As per the explanation to Section 10 of the Act, two rebuttable presumptions operate upon the question of inadequacy:
1. in cases of contracts to transfer immovable property, there is a presumption that compensation will not be adequate;
2. in cases of contract to transfer movable property there is a presumption that compensation is an adequate remedy.
The court has to consider not his personal disability or inability, but whether obtaining substitutein the market is objectively possible. The word “adequately” implies adequate in the opinion of the court based on the facts proved on record, though the plaintiff may consider it to be inadequate ((Brij Ballabh Das v Mahabir Prasad AIR 1924 All 529.)).
Furthermore, the goal of compensation requires that an effort be made to determine the value the promisee places on the promisor’s performance, as distinct from what the promisee, or anyone else, has offered to pay for it. The court may reply on the evidence that goods are not available in India, and can be procured only from abroad ((Hemraj Kapoor v Seventeen Textile Traders (India) AIR 1961 Pat 318 (temporary injunction refused on the principles of specific performance).)).

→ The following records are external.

Lemma subspace_sub_at j : subspace X -> subspace (sub_at X j).
Proof.
case=> X0 XD XZ; split => [|u v [Xu uj] [Xv vj] | c v [Xv vj]]; split;
  rewrite ?linear0 ?linearD ?linearZ ?uj ?vj; auto.
Qed.

Lemma subspace_rad : subspace X -> subspace (rad_sub X).
Proof.
case=> X0 XD XZ; split.
- by exists (fun=> 0); split => //; rewrite big1 // => a _; rewrite linear0.
- move=> _ _ [u [Xu ->]] [v [Xv ->]]; exists (fun a => u a + v a); split; first by auto.
  by rewrite -big_split; apply: eq_bigr => a _; rewrite linearD.
- move=> c _ [u [Xu ->]]; exists (fun a => c *: u a); split; first by auto.
  by rewrite scaler_sumr; apply: eq_bigr => a _; rewrite linearZ.
Qed.

Lemma rad_sub_subset : submodule X -> forall v, rad_sub X v -> X v.
Proof.
move=> Xsub v [u [Xu ->]]; apply: subspace_sum (subspace_submodule Xsub) _ => a.
by case: Xsub => _ _ _ _; apply.
Qed.

Lemma subspace_soc_quot_at i : subspace X -> subspace (soc_quot_at X i).
Proof.
case=> X0 XD XZ; split => [|u v [ui Xu] [vi Xv] | c v [vi Xv]]; split.
- by rewrite linear0.
- by move=> a; rewrite linear0.
- by rewrite linearD ui vi.
- by move=> a; rewrite linearD; apply: XD; [apply: Xu | apply: Xv].
- by rewrite linearZ vi.
- by move=> a; rewrite linearZ; apply: XZ; apply: Xv.
Qed.

Lemma sub_at_rad i v : submodule X -> sub_at (rad_sub X) i v -> sub_at X i v.
Proof. by move=> Xsub [/(rad_sub_subset Xsub) Xv vi]. Qed.

Lemma soc_quot_at_sub i v : submodule X -> sub_at X i v -> soc_quot_at X i v.
Proof. by case=> _ _ _ _ Xarr [Xv vi]; split => // a; apply: Xarr. Qed.

End Submodules.

Section ArrowsAtVertex.
Variables (K : fieldType) (I E : finType) (s t : E -> I) (Q : pmod K s t).
Variables (X : Q -> Prop) (i : I).
Hypothesis Xsub : submodule X.

(* [out_space] is the direct sum of the X_j over the arrows a : i -> j, realised as
   the families indexed by all arrows that vanish off the arrows leaving i. *)
Definition out_slot a : Q -> Prop :=
  if asrc s t a == i then sub_at X (atgt s t a) else @zero_sp K Q.
Definition out_space (w : {ffun bool * E -> Q}) : Prop := forall a, out_slot a (w a).

Definition rel_map (w : {ffun bool * E -> Q}) : Q :=
  \sum_(e | t e == i) rarr Q (true, e) (w (false, e))
  - \sum_(e | s e == i) rarr Q (false, e) (w (true, e)).

Definition out_arrows (v : Q) : {ffun bool * E -> Q} :=
  [ffun a => if asrc s t a == i then rarr Q a v else 0].

Lemma rel_map_is_linear : linear rel_map.
Proof.
move=> c u v; rewrite /rel_map scalerBr !scaler_sumr.
under eq_bigr do rewrite !ffunE linearP.
under [X in _ - X]eq_bigr do rewrite !ffunE linearP.
by rewrite !big_split /= opprD addrACA.
Qed.

Lemma out_arrows_is_linear : linear out_arrows.
Proof.
move=> c u v; apply/ffunP => a; rewrite !ffunE.
by case: ifP => _; rewrite ?linearP ?scaler0 ?addr0.
Qed.

Lemma subspace_out_space : subspace out_space.
Proof.
apply: subspace_ffun => a; rewrite /out_slot; case: ifP => _.
  by apply/subspace_sub_at/subspace_submodule.
exact: subspace_zero_sp.
Qed.

Lemma has_dim_out_space (beta : I -> nat) :
  (forall j, has_dim (sub_at X j) (beta j)) ->
  has_dim out_space (\sum_a if asrc s t a == i then beta (atgt s t a) else 0)%N.
Proof.
move=> Xdim; apply: has_dim_ffun => a; rewrite /out_slot; case: ifP => _ //.
  by apply/subspace_sub_at/subspace_submodule.
- exact: subspace_zero_sp.
- exact: has_dim0.
Qed.

Lemma rel_map_image y :
  sub_at (rad_sub X) i y <-> exists2 w, out_space w & rel_map w = y.
Proof.
have [X0 XD XZ Xidem Xarr] := Xsub.
split => [[[u [Xu ->]] yi] | [w w_out <-]].
- exists [ffun a => if a.1 then if s a.2 == i then - ridem Q (t a.2) (u (false, a.2)) else 0
                   else if t a.2 == i then ridem Q (s a.2) (u (true, a.2)) else 0].
    move=> [[] e]; rewrite /out_slot ffunE /asrc /atgt /=; case: ifP => // _; split.
    + by rewrite -scaleN1r; apply/XZ/Xidem/Xu.
    + by rewrite linearN ridem_idem.
    + by apply/Xidem/Xu.
    + by rewrite ridem_idem.
  rewrite -yi linear_sum sum_arrows /rel_map big_mkcond [X in _ - X]big_mkcond -sumrN.
  congr (_ + _); apply: eq_bigr => e _; rewrite ffunE /= ridem_rarr /atgt /=.
    by case: ifP => ti //; rewrite ti rarr_ridem_src.
  by case: ifP => si; rewrite ?oppr0 // si linearN opprK rarr_ridem_src.
- have w_X a : asrc s t a == i -> X (w a).
    by move=> ai; move: (w_out a); rewrite /out_slot ai => -[].
  split.
    exists (fun a => if a.1 then if t a.2 == i then w (false, a.2) else 0
                     else if s a.2 == i then - w (true, a.2) else 0); split.
      move=> [[] e] /=; case: ifP => ai //; first exact: w_X.
      by rewrite -scaleN1r; apply/XZ/w_X.
    rewrite sum_arrows /rel_map big_mkcond [X in _ - X]big_mkcond -sumrN /=.
    by congr (_ + _); apply: eq_bigr => e _; case: ifP; rewrite ?linearN ?linear0 ?oppr0.
  rewrite /rel_map linearB; congr (_ - _); rewrite linear_sum; apply: eq_bigr => e e_i;
    by rewrite ridem_rarr /atgt /= e_i.
Qed.

Lemma out_arrows_kernel v : soc_at Q i v <-> soc_quot_at X i v /\ out_arrows v = 0.
Proof.
split => [[vi v_arr] | [[vi _] v0]].
- split; first by split => // a; rewrite v_arr; case: Xsub.
  by apply/ffunP => a; rewrite !ffunE v_arr; case: ifP.
- split => // a; have [ai | ne] := eqVneq (asrc s t a) i.
    by move/ffunP: v0 => /(_ a); rewrite !ffunE ai eqxx.
  by rewrite -vi rarr_ridem_neq.
Qed.

Lemma out_arrows_image : loc_nilpotent Q -> ln_injective Q -> forall w,
  out_space w /\ rel_map w = 0 <-> exists2 v, soc_quot_at X i v & out_arrows v = w.
Proof.
move=> Qnil Qinj w; split => [[w_out w_rel] | [v [vi v_arr] <-]].
- have w_src a : asrc s t a != i -> w a = 0.
    by move/negbTE => ai; move: (w_out a); rewrite /out_slot ai.
  have w_tgt a : ridem Q (atgt s t a) (w a) = w a.
    move: (w_out a); rewrite /out_slot; case: ifP => [_ [] // | _ ->].
    by rewrite linear0.
  have w_X a : X (w a).
    move: (w_out a); rewrite /out_slot; case: ifP => [_ [] // | _ ->].
    by case: Xsub.
  have [v [vi v_arr]] := ln_injective_lift w_tgt w_src w_rel Qnil Qinj.
  exists v; first by split => // a; rewrite v_arr.
  by apply/ffunP => a; rewrite ffunE v_arr; case: ifP => // /negbT /w_src ->.
- split.
    move=> a; rewrite /out_slot ffunE; case: ifP => ai; last by [].
    by split; [apply: v_arr | rewrite ridem_rarr eqxx].
  rewrite /rel_map.
  under eq_bigr => e te do rewrite ffunE /asrc /= te.
  under [X in _ - X]eq_bigr => e se do rewrite ffunE /asrc /= se.
  by rewrite -vi preproj_rel.
Qed.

The need to prove that no substitute is available is primary to exercise the remedy of specific performance but any substitute must correspond to the promisee’s need. It must serve the purpose of the promisee. Arguendo, if exactly same goods are available from alternative sources, these might not substitute where the reputation or brand of the promisor is important or the goods are not available on comparable or convenient terms or warranties, or their supply will be incompatible with other commitments. These may be difficult to locate, their availability may involve such delay as to disrupt the promisee’s business, their price may be substantially higher than the contract price, or alternative manufacturers may not have comparable reputations for quality.
Thus, what has to be seen is that the promisee must not suffer due to promisor’s non-performance and the essence of every contract must be kept.
Conclusion and Critique
In light of various judgments and judicial pronouncements it has been time and again observed that the ‘inadequacy test’ has done more of harm than the relief, and the reason is its exceptional nature.
It is indeed not readily available to the promisee but on the contrary promisee who is already suffering because of promisor’s non-performance, is made to further suffer because it has to satisfy court by standing the inadequacy test.
I propose that inadequacy test must be ruled out, since without it plaintiff will have to show the existence of a valid contract, its terms and subsequent breach by the defendant, and also, he will be able to seek the relief of his choice. If plaintiff chooses the remedy by way of specific relief, the onus would be on the defendant to show that substitutes or alternatives are available, if any. The reason to it being more just would be that the burden of proof would shift to the ‘contract breaker’.
Certainly, such a change would bring a paradigm shift in the volition of contract makers and would also encourage performance of contracts.